[PROBLEM] Write out, word for word, the part of the listing below that opens with the line containing "by move: (flexible" and closes with the line containing "exact: (indifferent_partner_rigidQ (non_degenerate_transpose", keeping both of those lines and adding no others.

[RECORDS FOR THIS TASK]
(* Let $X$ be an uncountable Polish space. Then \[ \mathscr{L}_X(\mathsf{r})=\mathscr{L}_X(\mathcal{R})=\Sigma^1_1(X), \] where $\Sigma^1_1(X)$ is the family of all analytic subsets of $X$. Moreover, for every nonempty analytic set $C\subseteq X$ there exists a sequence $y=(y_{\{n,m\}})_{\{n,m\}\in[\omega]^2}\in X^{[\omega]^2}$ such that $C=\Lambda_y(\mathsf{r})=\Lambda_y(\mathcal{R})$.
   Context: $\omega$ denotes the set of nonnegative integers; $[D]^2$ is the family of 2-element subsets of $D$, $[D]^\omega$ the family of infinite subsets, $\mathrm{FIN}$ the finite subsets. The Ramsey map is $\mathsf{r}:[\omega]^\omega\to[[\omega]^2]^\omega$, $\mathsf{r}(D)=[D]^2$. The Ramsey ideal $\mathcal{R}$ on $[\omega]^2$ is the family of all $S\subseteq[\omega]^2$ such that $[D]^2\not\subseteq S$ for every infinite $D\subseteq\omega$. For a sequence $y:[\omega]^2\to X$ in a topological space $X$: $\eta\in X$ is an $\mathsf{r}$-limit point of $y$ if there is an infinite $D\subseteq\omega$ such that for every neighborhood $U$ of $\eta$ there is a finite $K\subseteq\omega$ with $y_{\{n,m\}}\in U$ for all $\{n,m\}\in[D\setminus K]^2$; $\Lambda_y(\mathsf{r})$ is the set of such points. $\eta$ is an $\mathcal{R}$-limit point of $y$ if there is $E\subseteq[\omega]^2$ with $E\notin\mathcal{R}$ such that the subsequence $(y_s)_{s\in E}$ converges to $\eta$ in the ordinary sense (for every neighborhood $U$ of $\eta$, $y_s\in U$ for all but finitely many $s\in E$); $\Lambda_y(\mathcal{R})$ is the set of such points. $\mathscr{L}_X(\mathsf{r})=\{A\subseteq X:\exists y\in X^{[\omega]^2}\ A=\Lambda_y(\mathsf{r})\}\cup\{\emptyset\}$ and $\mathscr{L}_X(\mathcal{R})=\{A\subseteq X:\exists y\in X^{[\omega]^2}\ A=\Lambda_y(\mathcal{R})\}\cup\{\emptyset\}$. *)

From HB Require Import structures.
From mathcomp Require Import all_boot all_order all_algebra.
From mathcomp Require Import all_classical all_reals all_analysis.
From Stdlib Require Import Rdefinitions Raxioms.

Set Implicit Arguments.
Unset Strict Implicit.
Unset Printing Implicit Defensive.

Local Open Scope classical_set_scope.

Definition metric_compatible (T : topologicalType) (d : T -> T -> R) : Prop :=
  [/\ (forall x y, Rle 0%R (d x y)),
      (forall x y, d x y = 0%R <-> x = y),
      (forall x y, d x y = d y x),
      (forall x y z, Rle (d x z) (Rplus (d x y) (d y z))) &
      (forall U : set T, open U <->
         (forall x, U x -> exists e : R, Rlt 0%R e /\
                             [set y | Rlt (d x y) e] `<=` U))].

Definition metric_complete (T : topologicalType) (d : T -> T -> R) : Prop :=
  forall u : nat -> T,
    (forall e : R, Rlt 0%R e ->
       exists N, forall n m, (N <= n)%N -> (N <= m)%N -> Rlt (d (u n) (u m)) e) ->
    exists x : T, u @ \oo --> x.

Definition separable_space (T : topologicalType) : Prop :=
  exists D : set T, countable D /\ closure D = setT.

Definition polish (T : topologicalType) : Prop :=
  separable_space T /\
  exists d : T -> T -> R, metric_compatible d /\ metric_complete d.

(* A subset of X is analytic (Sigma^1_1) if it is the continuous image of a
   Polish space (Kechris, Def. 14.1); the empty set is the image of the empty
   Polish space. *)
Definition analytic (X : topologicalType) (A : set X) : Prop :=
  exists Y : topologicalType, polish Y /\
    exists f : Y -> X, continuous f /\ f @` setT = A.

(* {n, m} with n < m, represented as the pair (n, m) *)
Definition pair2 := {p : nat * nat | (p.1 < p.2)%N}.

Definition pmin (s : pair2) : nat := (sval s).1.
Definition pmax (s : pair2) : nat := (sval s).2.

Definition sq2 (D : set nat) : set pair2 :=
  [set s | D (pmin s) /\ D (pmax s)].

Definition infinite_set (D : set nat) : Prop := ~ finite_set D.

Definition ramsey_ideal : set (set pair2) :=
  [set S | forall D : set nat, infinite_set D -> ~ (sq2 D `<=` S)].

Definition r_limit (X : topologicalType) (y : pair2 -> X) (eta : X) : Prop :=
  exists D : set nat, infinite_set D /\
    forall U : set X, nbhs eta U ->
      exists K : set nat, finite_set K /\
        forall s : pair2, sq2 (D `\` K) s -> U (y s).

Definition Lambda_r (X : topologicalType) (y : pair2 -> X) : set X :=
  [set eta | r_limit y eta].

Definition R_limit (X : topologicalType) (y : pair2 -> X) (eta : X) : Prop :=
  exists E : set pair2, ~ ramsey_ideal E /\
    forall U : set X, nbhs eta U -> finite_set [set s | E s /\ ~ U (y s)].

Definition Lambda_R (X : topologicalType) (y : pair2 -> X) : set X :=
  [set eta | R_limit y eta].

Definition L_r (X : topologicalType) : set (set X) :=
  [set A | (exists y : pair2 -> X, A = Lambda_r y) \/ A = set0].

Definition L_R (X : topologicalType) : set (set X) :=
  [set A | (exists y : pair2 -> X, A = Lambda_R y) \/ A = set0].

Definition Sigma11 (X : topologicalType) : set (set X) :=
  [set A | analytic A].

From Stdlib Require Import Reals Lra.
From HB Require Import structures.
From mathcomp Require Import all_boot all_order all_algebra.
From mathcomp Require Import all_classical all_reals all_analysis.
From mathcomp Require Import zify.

---

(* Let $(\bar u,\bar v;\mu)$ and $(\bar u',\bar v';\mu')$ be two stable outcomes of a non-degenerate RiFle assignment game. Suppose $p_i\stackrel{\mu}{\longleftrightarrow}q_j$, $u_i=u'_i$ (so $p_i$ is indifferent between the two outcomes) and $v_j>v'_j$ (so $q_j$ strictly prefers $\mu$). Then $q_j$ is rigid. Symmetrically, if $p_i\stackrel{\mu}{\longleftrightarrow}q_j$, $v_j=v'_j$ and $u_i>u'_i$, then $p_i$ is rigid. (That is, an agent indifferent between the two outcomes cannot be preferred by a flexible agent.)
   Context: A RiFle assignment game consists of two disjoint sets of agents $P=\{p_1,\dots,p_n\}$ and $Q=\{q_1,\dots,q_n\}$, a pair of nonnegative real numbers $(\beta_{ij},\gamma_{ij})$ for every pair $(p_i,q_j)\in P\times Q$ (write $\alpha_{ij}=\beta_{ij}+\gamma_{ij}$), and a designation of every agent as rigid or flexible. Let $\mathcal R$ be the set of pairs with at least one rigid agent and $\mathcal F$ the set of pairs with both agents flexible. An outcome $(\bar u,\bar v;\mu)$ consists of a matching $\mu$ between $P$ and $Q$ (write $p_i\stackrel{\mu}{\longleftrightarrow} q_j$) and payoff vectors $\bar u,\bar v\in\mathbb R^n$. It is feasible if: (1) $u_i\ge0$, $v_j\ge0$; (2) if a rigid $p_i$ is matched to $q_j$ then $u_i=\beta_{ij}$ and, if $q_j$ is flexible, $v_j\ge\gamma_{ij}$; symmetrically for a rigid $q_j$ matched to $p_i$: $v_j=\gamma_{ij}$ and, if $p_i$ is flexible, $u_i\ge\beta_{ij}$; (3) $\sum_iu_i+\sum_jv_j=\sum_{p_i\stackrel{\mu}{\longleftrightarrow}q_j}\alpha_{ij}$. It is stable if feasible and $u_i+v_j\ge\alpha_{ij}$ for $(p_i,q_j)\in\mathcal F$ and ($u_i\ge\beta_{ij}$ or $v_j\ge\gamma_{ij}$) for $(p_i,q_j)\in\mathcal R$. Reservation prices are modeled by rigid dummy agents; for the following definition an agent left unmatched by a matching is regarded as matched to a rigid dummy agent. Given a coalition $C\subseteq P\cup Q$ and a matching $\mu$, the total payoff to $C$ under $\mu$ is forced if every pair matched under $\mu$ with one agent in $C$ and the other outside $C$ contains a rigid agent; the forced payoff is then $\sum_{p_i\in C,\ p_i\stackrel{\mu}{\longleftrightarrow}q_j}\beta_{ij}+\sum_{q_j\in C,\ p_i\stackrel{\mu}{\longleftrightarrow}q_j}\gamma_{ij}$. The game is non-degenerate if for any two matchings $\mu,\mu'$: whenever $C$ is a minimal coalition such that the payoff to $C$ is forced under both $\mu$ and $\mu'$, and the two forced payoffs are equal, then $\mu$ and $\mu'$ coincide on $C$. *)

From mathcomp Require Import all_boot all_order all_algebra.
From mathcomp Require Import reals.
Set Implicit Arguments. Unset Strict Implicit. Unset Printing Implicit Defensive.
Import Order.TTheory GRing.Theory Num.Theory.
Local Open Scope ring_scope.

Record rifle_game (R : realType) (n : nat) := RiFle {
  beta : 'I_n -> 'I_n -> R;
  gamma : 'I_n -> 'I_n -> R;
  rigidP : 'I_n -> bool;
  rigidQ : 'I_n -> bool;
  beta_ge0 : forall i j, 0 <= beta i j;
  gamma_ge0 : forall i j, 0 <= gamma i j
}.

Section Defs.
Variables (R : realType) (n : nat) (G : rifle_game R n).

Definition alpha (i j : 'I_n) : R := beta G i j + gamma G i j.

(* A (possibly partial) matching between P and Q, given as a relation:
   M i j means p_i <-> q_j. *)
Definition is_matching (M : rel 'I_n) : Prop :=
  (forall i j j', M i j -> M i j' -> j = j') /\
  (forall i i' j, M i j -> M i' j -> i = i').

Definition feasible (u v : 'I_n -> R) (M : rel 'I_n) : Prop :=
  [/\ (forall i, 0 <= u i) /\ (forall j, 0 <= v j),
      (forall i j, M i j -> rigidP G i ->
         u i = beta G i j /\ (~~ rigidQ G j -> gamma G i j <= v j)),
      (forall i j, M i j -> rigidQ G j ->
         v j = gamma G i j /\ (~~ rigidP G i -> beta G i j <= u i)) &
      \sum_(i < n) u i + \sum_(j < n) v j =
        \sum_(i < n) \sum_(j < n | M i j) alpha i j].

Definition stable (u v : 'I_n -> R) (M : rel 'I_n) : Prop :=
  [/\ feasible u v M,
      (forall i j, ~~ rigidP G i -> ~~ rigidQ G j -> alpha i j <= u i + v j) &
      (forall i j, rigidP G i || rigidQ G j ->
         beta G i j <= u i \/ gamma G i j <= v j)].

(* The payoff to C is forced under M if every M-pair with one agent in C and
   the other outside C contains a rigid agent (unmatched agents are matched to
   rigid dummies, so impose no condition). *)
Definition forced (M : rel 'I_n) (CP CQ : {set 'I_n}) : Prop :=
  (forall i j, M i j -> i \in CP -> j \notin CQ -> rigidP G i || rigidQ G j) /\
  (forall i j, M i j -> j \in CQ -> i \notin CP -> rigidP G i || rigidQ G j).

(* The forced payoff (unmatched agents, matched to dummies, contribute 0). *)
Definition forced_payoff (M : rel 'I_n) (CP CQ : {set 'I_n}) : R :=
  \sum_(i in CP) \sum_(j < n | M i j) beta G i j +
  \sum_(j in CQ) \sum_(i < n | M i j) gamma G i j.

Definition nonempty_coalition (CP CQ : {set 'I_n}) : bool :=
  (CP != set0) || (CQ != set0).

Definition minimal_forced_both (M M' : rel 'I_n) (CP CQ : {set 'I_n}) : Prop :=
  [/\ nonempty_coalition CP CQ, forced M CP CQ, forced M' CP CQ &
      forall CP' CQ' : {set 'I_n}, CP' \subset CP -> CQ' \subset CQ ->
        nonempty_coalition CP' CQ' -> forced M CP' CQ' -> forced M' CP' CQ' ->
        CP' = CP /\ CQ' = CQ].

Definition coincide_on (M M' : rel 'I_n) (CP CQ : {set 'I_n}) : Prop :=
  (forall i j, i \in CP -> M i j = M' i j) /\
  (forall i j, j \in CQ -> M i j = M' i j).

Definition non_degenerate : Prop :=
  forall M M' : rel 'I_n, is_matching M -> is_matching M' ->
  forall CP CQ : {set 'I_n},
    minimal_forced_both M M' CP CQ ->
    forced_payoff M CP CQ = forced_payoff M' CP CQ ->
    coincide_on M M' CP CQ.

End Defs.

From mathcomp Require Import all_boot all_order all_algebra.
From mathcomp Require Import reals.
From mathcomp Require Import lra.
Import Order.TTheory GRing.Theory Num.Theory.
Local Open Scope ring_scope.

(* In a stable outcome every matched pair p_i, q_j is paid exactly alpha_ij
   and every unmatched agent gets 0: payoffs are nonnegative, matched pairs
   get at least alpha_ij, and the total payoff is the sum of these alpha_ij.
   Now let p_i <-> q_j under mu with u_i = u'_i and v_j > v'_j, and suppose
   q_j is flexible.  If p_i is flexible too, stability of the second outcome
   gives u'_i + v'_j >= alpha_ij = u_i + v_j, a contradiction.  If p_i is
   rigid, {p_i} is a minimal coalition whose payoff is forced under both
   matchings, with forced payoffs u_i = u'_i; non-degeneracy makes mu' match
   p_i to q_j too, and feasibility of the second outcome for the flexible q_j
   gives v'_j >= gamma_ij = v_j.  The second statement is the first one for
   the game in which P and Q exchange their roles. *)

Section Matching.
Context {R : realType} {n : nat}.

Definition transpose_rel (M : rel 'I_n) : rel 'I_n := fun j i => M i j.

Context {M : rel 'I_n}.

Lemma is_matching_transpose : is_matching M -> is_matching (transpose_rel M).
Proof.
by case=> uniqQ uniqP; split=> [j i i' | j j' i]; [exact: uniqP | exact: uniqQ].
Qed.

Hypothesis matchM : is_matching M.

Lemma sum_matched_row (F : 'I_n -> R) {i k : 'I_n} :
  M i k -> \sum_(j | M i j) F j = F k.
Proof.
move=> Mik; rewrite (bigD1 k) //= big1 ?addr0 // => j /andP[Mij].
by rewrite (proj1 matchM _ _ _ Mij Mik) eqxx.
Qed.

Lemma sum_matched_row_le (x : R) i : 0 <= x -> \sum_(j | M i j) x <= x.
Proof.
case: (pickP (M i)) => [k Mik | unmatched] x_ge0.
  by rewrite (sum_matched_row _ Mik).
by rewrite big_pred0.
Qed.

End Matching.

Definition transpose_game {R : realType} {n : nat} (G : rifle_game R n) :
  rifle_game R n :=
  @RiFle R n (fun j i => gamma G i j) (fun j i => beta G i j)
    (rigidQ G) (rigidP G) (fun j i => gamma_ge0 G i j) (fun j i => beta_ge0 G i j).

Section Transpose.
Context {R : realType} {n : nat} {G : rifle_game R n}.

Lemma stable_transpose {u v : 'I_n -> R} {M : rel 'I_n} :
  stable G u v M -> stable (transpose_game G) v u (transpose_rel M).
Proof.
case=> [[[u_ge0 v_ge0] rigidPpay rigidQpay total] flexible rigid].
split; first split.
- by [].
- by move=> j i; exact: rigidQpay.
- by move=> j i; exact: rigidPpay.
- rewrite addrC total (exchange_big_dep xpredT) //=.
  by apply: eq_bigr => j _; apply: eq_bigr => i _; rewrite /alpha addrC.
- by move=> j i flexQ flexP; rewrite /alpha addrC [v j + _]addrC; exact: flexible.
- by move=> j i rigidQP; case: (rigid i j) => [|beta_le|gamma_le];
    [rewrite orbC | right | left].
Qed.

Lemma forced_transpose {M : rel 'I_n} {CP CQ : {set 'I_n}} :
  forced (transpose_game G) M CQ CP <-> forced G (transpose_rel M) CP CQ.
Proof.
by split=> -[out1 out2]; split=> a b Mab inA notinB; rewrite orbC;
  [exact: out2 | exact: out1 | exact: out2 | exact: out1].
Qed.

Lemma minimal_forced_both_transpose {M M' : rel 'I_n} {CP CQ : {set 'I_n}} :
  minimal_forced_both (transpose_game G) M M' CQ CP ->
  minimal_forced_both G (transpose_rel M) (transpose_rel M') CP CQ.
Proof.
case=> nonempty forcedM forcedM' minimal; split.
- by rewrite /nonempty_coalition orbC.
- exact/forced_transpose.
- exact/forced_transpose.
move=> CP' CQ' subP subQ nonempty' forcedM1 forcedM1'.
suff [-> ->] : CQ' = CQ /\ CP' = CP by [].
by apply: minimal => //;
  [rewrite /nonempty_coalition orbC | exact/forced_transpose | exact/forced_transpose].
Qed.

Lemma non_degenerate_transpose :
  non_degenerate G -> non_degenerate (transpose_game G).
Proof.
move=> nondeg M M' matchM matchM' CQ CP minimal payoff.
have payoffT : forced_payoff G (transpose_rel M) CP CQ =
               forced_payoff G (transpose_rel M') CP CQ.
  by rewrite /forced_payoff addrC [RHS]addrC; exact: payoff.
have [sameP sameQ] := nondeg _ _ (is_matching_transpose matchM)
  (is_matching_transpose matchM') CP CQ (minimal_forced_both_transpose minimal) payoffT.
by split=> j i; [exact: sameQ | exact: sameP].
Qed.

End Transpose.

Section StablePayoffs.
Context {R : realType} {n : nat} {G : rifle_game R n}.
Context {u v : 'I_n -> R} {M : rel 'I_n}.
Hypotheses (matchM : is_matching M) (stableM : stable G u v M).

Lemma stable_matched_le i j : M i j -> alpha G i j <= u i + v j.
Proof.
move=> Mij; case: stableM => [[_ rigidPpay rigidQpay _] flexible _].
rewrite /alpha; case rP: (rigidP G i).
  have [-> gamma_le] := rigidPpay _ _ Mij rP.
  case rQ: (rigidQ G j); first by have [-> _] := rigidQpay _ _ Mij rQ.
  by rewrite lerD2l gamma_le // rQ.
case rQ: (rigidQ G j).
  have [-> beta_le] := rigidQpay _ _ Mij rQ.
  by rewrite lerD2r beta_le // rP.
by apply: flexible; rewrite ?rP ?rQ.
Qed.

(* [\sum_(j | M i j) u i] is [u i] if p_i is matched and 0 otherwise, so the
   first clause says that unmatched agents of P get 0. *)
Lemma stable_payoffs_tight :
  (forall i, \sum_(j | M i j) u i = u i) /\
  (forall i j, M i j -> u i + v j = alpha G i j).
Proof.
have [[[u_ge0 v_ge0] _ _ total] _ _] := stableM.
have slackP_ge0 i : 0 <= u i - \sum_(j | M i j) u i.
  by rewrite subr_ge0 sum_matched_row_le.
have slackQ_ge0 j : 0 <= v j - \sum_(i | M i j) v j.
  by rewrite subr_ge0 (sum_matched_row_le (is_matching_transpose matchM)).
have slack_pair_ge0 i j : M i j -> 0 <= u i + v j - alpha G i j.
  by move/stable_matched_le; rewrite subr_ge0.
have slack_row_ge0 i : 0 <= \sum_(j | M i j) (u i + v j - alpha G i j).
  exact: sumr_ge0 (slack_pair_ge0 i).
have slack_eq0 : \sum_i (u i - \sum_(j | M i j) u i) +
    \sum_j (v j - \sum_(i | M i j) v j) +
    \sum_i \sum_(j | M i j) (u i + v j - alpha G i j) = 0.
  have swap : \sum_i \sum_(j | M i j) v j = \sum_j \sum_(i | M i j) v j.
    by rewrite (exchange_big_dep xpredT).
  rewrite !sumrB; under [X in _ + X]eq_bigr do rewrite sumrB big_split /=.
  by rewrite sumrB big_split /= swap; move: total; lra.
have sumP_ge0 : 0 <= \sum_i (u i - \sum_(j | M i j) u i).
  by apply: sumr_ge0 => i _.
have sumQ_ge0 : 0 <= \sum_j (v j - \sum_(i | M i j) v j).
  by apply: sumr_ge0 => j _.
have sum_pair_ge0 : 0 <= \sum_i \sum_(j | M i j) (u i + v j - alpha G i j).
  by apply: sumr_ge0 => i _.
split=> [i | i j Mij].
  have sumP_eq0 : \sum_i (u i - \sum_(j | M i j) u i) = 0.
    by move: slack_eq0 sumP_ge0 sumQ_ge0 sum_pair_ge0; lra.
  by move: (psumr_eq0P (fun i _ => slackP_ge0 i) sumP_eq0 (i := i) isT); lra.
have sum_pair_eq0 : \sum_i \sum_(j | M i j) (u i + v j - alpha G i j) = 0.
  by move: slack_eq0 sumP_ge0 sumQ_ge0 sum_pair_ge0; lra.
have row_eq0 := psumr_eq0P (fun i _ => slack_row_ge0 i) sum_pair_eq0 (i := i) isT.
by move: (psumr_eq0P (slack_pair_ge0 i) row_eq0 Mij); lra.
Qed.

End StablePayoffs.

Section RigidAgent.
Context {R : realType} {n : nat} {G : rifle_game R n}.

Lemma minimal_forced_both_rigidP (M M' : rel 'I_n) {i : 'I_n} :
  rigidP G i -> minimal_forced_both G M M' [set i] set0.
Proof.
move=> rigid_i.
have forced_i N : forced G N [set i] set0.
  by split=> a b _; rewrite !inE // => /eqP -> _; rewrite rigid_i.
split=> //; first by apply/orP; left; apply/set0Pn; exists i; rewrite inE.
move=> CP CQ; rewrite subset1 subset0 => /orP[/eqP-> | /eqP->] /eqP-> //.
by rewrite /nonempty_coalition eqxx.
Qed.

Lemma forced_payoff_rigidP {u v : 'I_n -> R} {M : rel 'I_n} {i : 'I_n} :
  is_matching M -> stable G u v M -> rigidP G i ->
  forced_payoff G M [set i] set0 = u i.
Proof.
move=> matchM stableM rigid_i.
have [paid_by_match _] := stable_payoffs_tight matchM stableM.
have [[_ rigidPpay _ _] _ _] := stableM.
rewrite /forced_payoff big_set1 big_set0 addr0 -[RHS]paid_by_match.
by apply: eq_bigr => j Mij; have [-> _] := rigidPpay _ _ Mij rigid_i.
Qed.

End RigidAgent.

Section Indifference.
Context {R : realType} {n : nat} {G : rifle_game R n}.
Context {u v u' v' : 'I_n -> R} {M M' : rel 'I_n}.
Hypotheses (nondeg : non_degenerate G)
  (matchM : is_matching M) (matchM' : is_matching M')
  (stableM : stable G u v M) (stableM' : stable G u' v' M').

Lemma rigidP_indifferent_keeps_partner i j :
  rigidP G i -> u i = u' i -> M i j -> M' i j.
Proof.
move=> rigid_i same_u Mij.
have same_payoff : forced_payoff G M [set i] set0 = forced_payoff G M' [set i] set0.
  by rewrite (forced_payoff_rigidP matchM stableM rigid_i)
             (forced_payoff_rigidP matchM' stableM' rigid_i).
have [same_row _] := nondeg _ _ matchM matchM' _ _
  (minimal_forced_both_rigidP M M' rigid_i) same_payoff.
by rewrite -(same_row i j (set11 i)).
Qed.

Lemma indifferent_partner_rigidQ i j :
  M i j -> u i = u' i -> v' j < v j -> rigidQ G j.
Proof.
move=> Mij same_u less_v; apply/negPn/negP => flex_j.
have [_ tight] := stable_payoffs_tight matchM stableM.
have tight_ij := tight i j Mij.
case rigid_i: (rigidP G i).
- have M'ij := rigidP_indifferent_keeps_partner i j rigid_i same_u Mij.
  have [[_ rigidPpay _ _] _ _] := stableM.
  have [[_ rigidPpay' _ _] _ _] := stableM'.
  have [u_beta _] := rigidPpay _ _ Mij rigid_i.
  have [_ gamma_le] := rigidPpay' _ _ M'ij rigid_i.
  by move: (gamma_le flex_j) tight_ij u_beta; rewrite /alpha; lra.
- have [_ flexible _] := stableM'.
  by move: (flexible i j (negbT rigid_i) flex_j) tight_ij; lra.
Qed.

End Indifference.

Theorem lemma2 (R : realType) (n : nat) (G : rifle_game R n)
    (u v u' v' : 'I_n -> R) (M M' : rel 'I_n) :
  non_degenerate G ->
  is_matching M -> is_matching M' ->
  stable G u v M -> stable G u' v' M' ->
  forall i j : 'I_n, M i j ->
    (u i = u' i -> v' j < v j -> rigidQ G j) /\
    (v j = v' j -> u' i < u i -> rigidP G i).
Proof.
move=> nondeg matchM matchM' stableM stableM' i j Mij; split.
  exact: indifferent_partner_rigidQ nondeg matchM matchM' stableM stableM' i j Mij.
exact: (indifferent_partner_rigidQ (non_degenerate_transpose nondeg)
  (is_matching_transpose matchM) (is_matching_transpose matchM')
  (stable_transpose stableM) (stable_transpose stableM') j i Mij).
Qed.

==

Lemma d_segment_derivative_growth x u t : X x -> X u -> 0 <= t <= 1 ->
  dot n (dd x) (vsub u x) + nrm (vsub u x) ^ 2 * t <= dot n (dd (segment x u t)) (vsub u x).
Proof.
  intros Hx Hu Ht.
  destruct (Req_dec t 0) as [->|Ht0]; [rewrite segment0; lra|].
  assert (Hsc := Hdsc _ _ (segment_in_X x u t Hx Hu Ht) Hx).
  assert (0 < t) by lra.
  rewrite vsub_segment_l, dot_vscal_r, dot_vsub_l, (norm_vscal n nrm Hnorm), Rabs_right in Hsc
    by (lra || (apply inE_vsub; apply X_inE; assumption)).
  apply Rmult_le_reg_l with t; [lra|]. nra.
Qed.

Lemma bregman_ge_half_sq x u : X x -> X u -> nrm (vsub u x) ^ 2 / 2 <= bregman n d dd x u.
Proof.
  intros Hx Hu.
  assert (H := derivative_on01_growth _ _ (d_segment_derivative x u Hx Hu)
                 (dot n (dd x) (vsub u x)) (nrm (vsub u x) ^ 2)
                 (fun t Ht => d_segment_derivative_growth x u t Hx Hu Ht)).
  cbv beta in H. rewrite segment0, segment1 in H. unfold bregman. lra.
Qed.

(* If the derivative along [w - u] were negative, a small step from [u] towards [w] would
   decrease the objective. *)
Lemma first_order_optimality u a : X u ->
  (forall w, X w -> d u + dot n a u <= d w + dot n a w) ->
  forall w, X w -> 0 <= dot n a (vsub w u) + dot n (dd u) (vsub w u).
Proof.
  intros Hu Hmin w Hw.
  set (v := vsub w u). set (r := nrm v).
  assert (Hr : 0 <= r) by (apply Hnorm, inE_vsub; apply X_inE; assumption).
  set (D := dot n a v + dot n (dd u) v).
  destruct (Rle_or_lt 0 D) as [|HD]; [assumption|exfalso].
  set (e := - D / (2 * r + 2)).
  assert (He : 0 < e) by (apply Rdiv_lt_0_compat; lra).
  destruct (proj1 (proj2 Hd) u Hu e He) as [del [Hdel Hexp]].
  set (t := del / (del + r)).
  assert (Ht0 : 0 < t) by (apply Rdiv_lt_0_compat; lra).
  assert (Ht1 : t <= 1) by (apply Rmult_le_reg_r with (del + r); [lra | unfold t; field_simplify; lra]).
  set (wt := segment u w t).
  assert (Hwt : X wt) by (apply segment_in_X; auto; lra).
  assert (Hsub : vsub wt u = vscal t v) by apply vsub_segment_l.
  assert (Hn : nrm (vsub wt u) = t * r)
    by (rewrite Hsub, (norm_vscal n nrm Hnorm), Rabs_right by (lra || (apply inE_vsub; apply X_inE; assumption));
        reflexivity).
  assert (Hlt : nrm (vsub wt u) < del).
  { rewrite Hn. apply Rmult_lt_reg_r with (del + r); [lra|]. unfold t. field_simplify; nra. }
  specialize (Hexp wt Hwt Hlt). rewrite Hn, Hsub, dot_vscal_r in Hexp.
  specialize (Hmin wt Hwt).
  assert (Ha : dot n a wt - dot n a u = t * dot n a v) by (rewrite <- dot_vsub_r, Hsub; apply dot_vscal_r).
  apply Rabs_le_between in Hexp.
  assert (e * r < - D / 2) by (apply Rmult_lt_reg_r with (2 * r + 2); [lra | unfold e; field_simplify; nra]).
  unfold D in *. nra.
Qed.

[SOLUTION FOR THIS PROBLEM]
  by move: (flexible i j (negbT rigid_i) flex_j) tight_ij; lra.
Qed.

End Indifference.

Theorem lemma2 (R : realType) (n : nat) (G : rifle_game R n)
    (u v u' v' : 'I_n -> R) (M M' : rel 'I_n) :
  non_degenerate G ->
  is_matching M -> is_matching M' ->
  stable G u v M -> stable G u' v' M' ->
  forall i j : 'I_n, M i j ->
    (u i = u' i -> v' j < v j -> rigidQ G j) /\
    (v j = v' j -> u' i < u i -> rigidP G i).
Proof.
move=> nondeg matchM matchM' stableM stableM' i j Mij; split.
  exact: indifferent_partner_rigidQ nondeg matchM matchM' stableM stableM' i j Mij.
exact: (indifferent_partner_rigidQ (non_degenerate_transpose nondeg)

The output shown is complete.